Анвер Бикчентаев - Прощайте, серебристые дожди...
— Куда подевали моего знатного земляка? — громовым голосом спросил он.
— Никуда он не девался, — недовольно буркнул Микола Фёдорович, выглянув из шалаша. — У Азата режим!
— Чего ты меня пугаешь режимом? — рассердился разведчик. — Мне всего-навсего на пару слов…
— На пару слов разрешаю, но не более! И то под свою личную ответственность. Узнает Иван Иванович, обоим попадёт. А мне за самовольство на полную катушку.
— Ладно, — согласился Махмут Загидуллин. — Только не стой над душой. Понял? Прогуляйся куда-нибудь, пока я с земляком посекретничаю.
Ворвавшись в шалаш, где лежал Азат, Махмут Загидуллин крикнул:
— Почему из госпиталя не вылезаешь? Лентяя празднуешь, а?
— Я бы охотно, да дядя Ваня не отпускает.
— Слыхал, слыхал. Поздравляю! — И Махмут хлопнул Азата по спине.
— С чем поздравляешь? — удивился адъютант.
— Скромность, конечно, украшает человека, но с земляком скрытничать не подобает!
— О чём вы дядя Махмут?
— Орден-то полагается обмыть!
— Ну вас! Какой ещё орден?
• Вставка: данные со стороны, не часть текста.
(* Let $\gamma\in C^{2}(\mathbb{R})$ be either an odd or an even function which is convex on $(0,\infty)$ and satisfies: (i) $\gamma(0)=\gamma'(0)=0$; (ii) $\frac{\gamma''(t)}{\gamma'(t)}$ is decreasing on $(0,\infty)$; (iii) there is a constant $C_1>0$ with $\frac{t\gamma''(t)}{\gamma'(t)}\geq C_1$ for all $t\in(0,\infty)$; (iv) $\gamma''$ is monotone on $(0,\infty)$. Then $\gamma$ satisfies the doubling condition (D): there exists $\lambda\in(1,\infty)$ such that $\gamma'(\lambda t)\geq 2\gamma'(t)$ for all $t\in(0,\infty)$; and $\gamma$ satisfies the infinitesimally doubling condition (ID): setting $h(t):=t\gamma'(t)-\gamma(t)$, there exists $\varepsilon_0\in(0,\infty)$ such that $h'(t)\geq \varepsilon_0\frac{h(t)}{t}$ for all $t\in(0,\infty)$. *)

From Stdlib Require Import Reals Lra.
From Coquelicot Require Import Coquelicot.
Open Scope R_scope.

Definition C2 (f : R -> R) : Prop :=
  (forall x, ex_derive f x) /\
  (forall x, ex_derive (Derive f) x) /\
  (forall x, continuous (Derive (Derive f)) x).

Definition odd_fun (f : R -> R) : Prop := forall x, f (- x) = - f x.
Definition even_fun (f : R -> R) : Prop := forall x, f (- x) = f x.

Definition convex_on_pos (f : R -> R) : Prop :=
  forall x y t, 0 < x -> 0 < y -> 0 <= t <= 1 ->
    f (t * x + (1 - t) * y) <= t * f x + (1 - t) * f y.

Definition decreasing_on_pos (g : R -> R) : Prop :=
  forall s t, 0 < s -> s <= t -> g t <= g s.

Definition increasing_on_pos (g : R -> R) : Prop :=
  forall s t, 0 < s -> s <= t -> g s <= g t.

Definition monotone_on_pos (g : R -> R) : Prop :=
  increasing_on_pos g \/ decreasing_on_pos g.

Definition doubling (f : R -> R) : Prop :=
  exists lam, 1 < lam /\ forall t, 0 < t -> Derive f (lam * t) >= 2 * Derive f t.

Definition hfun (f : R -> R) (t : R) : R := t * Derive f t - f t.

Definition inf_doubling (f : R -> R) : Prop :=
  exists eps0, 0 < eps0 /\
    forall t, 0 < t -> Derive (hfun f) t >= eps0 * (hfun f t / t).

From Stdlib Require Import Reals Lra.
From Coquelicot Require Import Coquelicot.
Open Scope R_scope.

(* Positivity of the elasticity t γ''(t)/γ'(t) forces γ'' γ' > 0, so γ' has no zero on
   (0, oo) and hence a constant sign there; a negative sign would make γ strictly concave,
   contradicting convexity, so γ' > 0 and γ >= 0.  Then ln γ'(s) - C1 ln s is nondecreasing,
   which gives γ'(μ t) >= μ^C1 γ'(t) and (D) with λ = 2^(1/C1); and h' = t γ'' >= C1 γ'
   >= C1 h / t, which is (ID) with ε0 = C1. *)

Lemma MVT_open (f df : R -> R) (a b : R) : a < b ->
  (forall x, a <= x <= b -> is_derive f x (df x)) ->
  exists c, a < c < b /\ f b - f a = df c * (b - a).
Proof.
  intros Hab Hd.
  destruct (MVT_cor2 f df a b Hab) as [c [E Hc]].
  - intros x Hx. apply is_derive_Reals, Hd, Hx.
  - exists c. split; assumption.
Qed.

Lemma derive_nonneg_le (f df : R -> R) (a b : R) : a <= b ->
  (forall x, a <= x <= b -> is_derive f x (df x)) ->
  (forall x, a < x < b -> 0 <= df x) ->
  f a <= f b.
Proof.
  intros Hab Hd Hpos.
  destruct (Req_dec a b) as [<- | Hne]; [lra |].
  destruct (MVT_open f df a b ltac:(lra) Hd) as [c [Hc E]].
  specialize (Hpos c Hc). nra.
Qed.

Lemma Rdiv_pos_Rmult_pos (x y : R) : 0 < x / y -> 0 < x * y.
Proof.
  intros H.
  destruct (Req_dec y 0) as [-> | Hy].
  - unfold Rdiv in H. rewrite Rinv_0 in H. lra.
  - replace (x * y) with (x / y * (y * y)) by (field; exact Hy).
    apply Rmult_lt_0_compat; [exact H |].
    destruct (Rlt_or_le 0 y); nra.
Qed.

Lemma continuous_nonvanishing_sign (g : R -> R) : continuity g ->
  (forall t, 0 < t -> g t <> 0) ->
  (forall t, 0 < t -> 0 < g t) \/ (forall t, 0 < t -> g t < 0).
Proof.
  intros Hc Hnz.
  assert (Hno_change : forall s t, 0 < s -> 0 < t -> g s * g t < 0 -> False).
  { intros s t Hs Ht Hst.
    destruct (IVT_gen g s t 0 Hc) as [c [Hcst Ec]].
    { unfold Rmin, Rmax; repeat destruct Rle_dec; nra. }
    assert (0 < Rmin s t) by (apply Rmin_glb_lt; lra).
    apply (Hnz c); [lra | exact Ec]. }
  assert (g 1 <> 0) by (apply Hnz; lra).
  destruct (Rlt_or_le 0 (g 1)); [left | right]; intros t Ht;
    assert (g t <> 0) by (apply Hnz, Ht);
    destruct (Rlt_or_le 0 (g t)); try lra;
    exfalso; apply (Hno_change 1 t); nra.
Qed.

(* Two chords of a convex function over [1, 2] and [2, 3] give slopes
   df c1 <= df c2 with c1 < c2, which a negative df' forbids. *)
Lemma convex_on_pos_not_derive2_neg (f df d2f : R -> R) :
  (forall x, 0 < x -> is_derive f x (df x)) ->
  (forall x, 0 < x -> is_derive df x (d2f x)) ->
  convex_on_pos f ->
  ~ (forall x, 0 < x -> d2f x < 0).
Proof.
  intros Hf Hdf Hconv Hneg.
  assert (Hmid := Hconv 1 3 (1/2) ltac:(lra) ltac:(lra) ltac:(lra)).
  replace (1/2 * 1 + (1 - 1/2) * 3) with 2 in Hmid by field.
  destruct (MVT_open f df 1 2 ltac:(lra) ltac:(intros; apply Hf; lra)) as [c1 [Hc1 E1]].
  destruct (MVT_open f df 2 3 ltac:(lra) ltac:(intros; apply Hf; lra)) as [c2 [Hc2 E2]].
  destruct (MVT_open df d2f c1 c2 ltac:(lra) ltac:(intros; apply Hdf; lra)) as [c [Hc E]].
  specialize (Hneg c ltac:(lra)).
  nra.
Qed.

Lemma Derive_pos_of_convex (f : R -> R) :
  (forall x, ex_derive f x) ->
  (forall x, ex_derive (Derive f) x) ->
  convex_on_pos f ->
  (forall t, 0 < t -> 0 < Derive (Derive f) t * Derive f t) ->
  forall t, 0 < t -> 0 < Derive f t.
Proof.
  intros Hf Hdf Hconv Hprod.
  assert (Hcont : continuity (Derive f)).
  { intro x. apply continuity_pt_filterlim, (ex_derive_continuous (Derive f)), Hdf. }
  assert (Hnz : forall t, 0 < t -> Derive f t <> 0).
  { intros t Ht E. specialize (Hprod t Ht). rewrite E in Hprod. lra. }
  destruct (continuous_nonvanishing_sign _ Hcont Hnz) as [Hpos | Hneg]; [exact Hpos |].
  exfalso.
  apply (convex_on_pos_not_derive2_neg f (Derive f) (Derive (Derive f)));
    [intros; apply Derive_correct, Hf | intros; apply Derive_correct, Hdf | exact Hconv |].
  intros x Hx. specialize (Hprod x Hx). specialize (Hneg x Hx). nra.
Qed.

Lemma is_derive_log_ratio (g dg : R -> R) (C s : R) :
  0 < s -> 0 < g s -> is_derive g s (dg s) ->
  is_derive (fun s => ln (g s) - C * ln s) s (dg s / g s - C / s).
Proof.
  intros Hs Hg Hd.
  apply (is_derive_minus (fun s => ln (g s)) (fun s => C * ln s)).
  - apply (is_derive_comp ln g); [apply is_derive_ln |]; assumption.
  - apply is_derive_scal, is_derive_ln, Hs.
Qed.

Lemma Rpower_growth_of_elasticity (g dg : R -> R) (C t mu : R) :
  (forall s, 0 < s -> is_derive g s (dg s)) ->
  (forall s, 0 < s -> 0 < g s) ->
  (forall s, 0 < s -> s * dg s / g s >= C) ->
  0 < t -> 1 <= mu ->
  Rpower mu C * g t <= g (mu * t).
Proof.
  intros Hd Hpos Hel Ht Hmu.
  assert (Hlog : ln (g t) - C * ln t <= ln (g (mu * t)) - C * ln (mu * t)).
  { apply (derive_nonneg_le (fun s => ln (g s) - C * ln s) (fun s => dg s / g s - C / s));
      [nra | |].
    - intros x Hx. apply is_derive_log_ratio; [| apply Hpos | apply Hd]; nra.
    - intros x Hx.
      assert (Hx0 : 0 < x) by nra.
      specialize (Hel x Hx0). specialize (Hpos x Hx0).
      replace (dg x / g x - C / x) with ((x * dg x / g x - C) / x) by (field; lra).
      apply Rmult_le_pos; [lra | left; apply Rinv_0_lt_compat, Hx0]. }
  rewrite ln_mult in Hlog by lra.
  rewrite <- (exp_ln (g (mu * t))) by (apply Hpos; nra).
  rewrite <- (exp_ln (g t)) at 1 by (apply Hpos, Ht).
  unfold Rpower. rewrite <- exp_plus.
  assert (Hle : C * ln mu + ln (g t) <= ln (g (mu * t))) by lra.
  destruct (Rle_lt_or_eq_dec _ _ Hle) as [Hlt | ->];
    [left; apply exp_increasing, Hlt | right; reflexivity].
Qed.

Lemma doubling_of_elasticity (f : R -> R) (C : R) :
  (forall x, ex_derive (Derive f) x) ->
  0 < C ->
  (forall t, 0 < t -> 0 < Derive f t) ->
  (forall t, 0 < t -> t * Derive (Derive f) t / Derive f t >= C) ->
  doubling f.
Proof.
  intros Hdf HC Hpos Hel.
  assert (Hlam : 1 < Rpower 2 (/ C)).
  { rewrite <- (Rpower_O 2) by lra. apply Rpower_lt; [lra | apply Rinv_0_lt_compat, HC]. }
  exists (Rpower 2 (/ C)). split; [exact Hlam |].
  intros t Ht. apply Rle_ge.
  replace 2 with (Rpower (Rpower 2 (/ C)) C) at 1
    by (rewrite Rpower_mult, Rinv_l, Rpower_1; lra).
  apply (Rpower_growth_of_elasticity _ (Derive (Derive f))); [| assumption.. | lra].
  intros s _. apply Derive_correct, Hdf.
Qed.

Lemma is_derive_hfun (f : R -> R) (t : R) :
  ex_derive f t -> ex_derive (Derive f) t ->
  is_derive (hfun f) t (t * Derive (Derive f) t).
Proof.
  intros Hf Hdf. unfold hfun.
  replace (t * Derive (Derive f) t)
    with ((1 * Derive f t + t * Derive (Derive f) t) - Derive f t) by ring.
  apply (is_derive_minus (fun s => s * Derive f s) f).
  - apply (is_derive_mult (fun s => s) (Derive f));
      [apply (is_derive_id (K := R_AbsRing)) | apply Derive_correct, Hdf | apply Rmult_comm].
  - apply Derive_correct, Hf.
Qed.

Lemma inf_doubling_of_elasticity (f : R -> R) (C : R) :
  (forall x, ex_derive f x) ->
  (forall x, ex_derive (Derive f) x) ->
  0 < C ->
  (forall t, 0 < t -> 0 < Derive f t) ->
  (forall t, 0 < t -> 0 <= f t) ->
  (forall t, 0 < t -> t * Derive (Derive f) t / Derive f t >= C) ->
  inf_doubling f.
Proof.
  intros Hf Hdf HC Hpos Hnn Hel.
  exists C. split; [exact HC |].
  intros t Ht.
  rewrite (is_derive_unique _ _ _ (is_derive_hfun f t (Hf t) (Hdf t))).
  specialize (Hpos t Ht). specialize (Hnn t Ht). specialize (Hel t Ht).
  assert (H2 : t * Derive (Derive f) t >= C * Derive f t).
  { apply Rle_ge, (Rmult_le_reg_r (/ Derive f t)); [apply Rinv_0_lt_compat, Hpos |].
    rewrite Rmult_assoc, Rinv_r by lra. unfold Rdiv in Hel. lra. }
  assert (Hh : hfun f t / t <= Derive f t).
  { unfold hfun. apply (Rmult_le_reg_l t); [exact Ht |].
    replace (t * ((t * Derive f t - f t) / t)) with (t * Derive f t - f t) by (field; lra).
    lra. }
  nra.
Qed.

Theorem lemma3p1 (gamma : R -> R) (C1 : R) :
  C2 gamma ->
  (odd_fun gamma \/ even_fun gamma) ->
  convex_on_pos gamma ->
  gamma 0 = 0 -> Derive gamma 0 = 0 ->
  decreasing_on_pos (fun t => Derive (Derive gamma) t / Derive gamma t) ->
  0 < C1 ->
  (forall t, 0 < t -> t * Derive (Derive gamma) t / Derive gamma t >= C1) ->
  monotone_on_pos (Derive (Derive gamma)) ->
  doubling gamma /\ inf_doubling gamma.
Proof.
  intros [Hd1 [Hd2 _]] _ Hconv Hzero _ _ HC1 Hel _.
  assert (Hprod : forall t, 0 < t -> 0 < Derive (Derive gamma) t * Derive gamma t).
  { intros t Ht.
    assert (Hq : 0 < t * Derive (Derive gamma) t * Derive gamma t).
    { apply Rdiv_pos_Rmult_pos. specialize (Hel t Ht). lra. }
    rewrite Rmult_assoc in Hq. nra. }
  assert (Hpos := Derive_pos_of_convex gamma Hd1 Hd2 Hconv Hprod).
  assert (Hnn : forall t, 0 < t -> 0 <= gamma t).
  { intros t Ht. rewrite <- Hzero.
    apply (derive_nonneg_le gamma (Derive gamma)); [lra | |].
    - intros x _. apply Derive_correct, Hd1.
    - intros x Hx. left. apply Hpos; lra. }
  split.
  - exact (doubling_of_elasticity gamma C1 Hd2 HC1 Hpos Hel).
  - exact (inf_doubling_of_elasticity gamma C1 Hd1 Hd2 HC1 Hpos Hnn Hel).
Qed.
Я знаю, разыгрывать вы мастак! — обиделся Азат.
Махмут приподнял Азата. — Заслуженному герою «ура!». Командир справедливо поступил, что не пожадничал, отвалив тебе полный куш.
— Да вы о чём? — вырывался Азат из могучих объятий.
Махмут Загидуллин прошептал:
— Награда к награде! Это тебе от меня! Часы со звоном!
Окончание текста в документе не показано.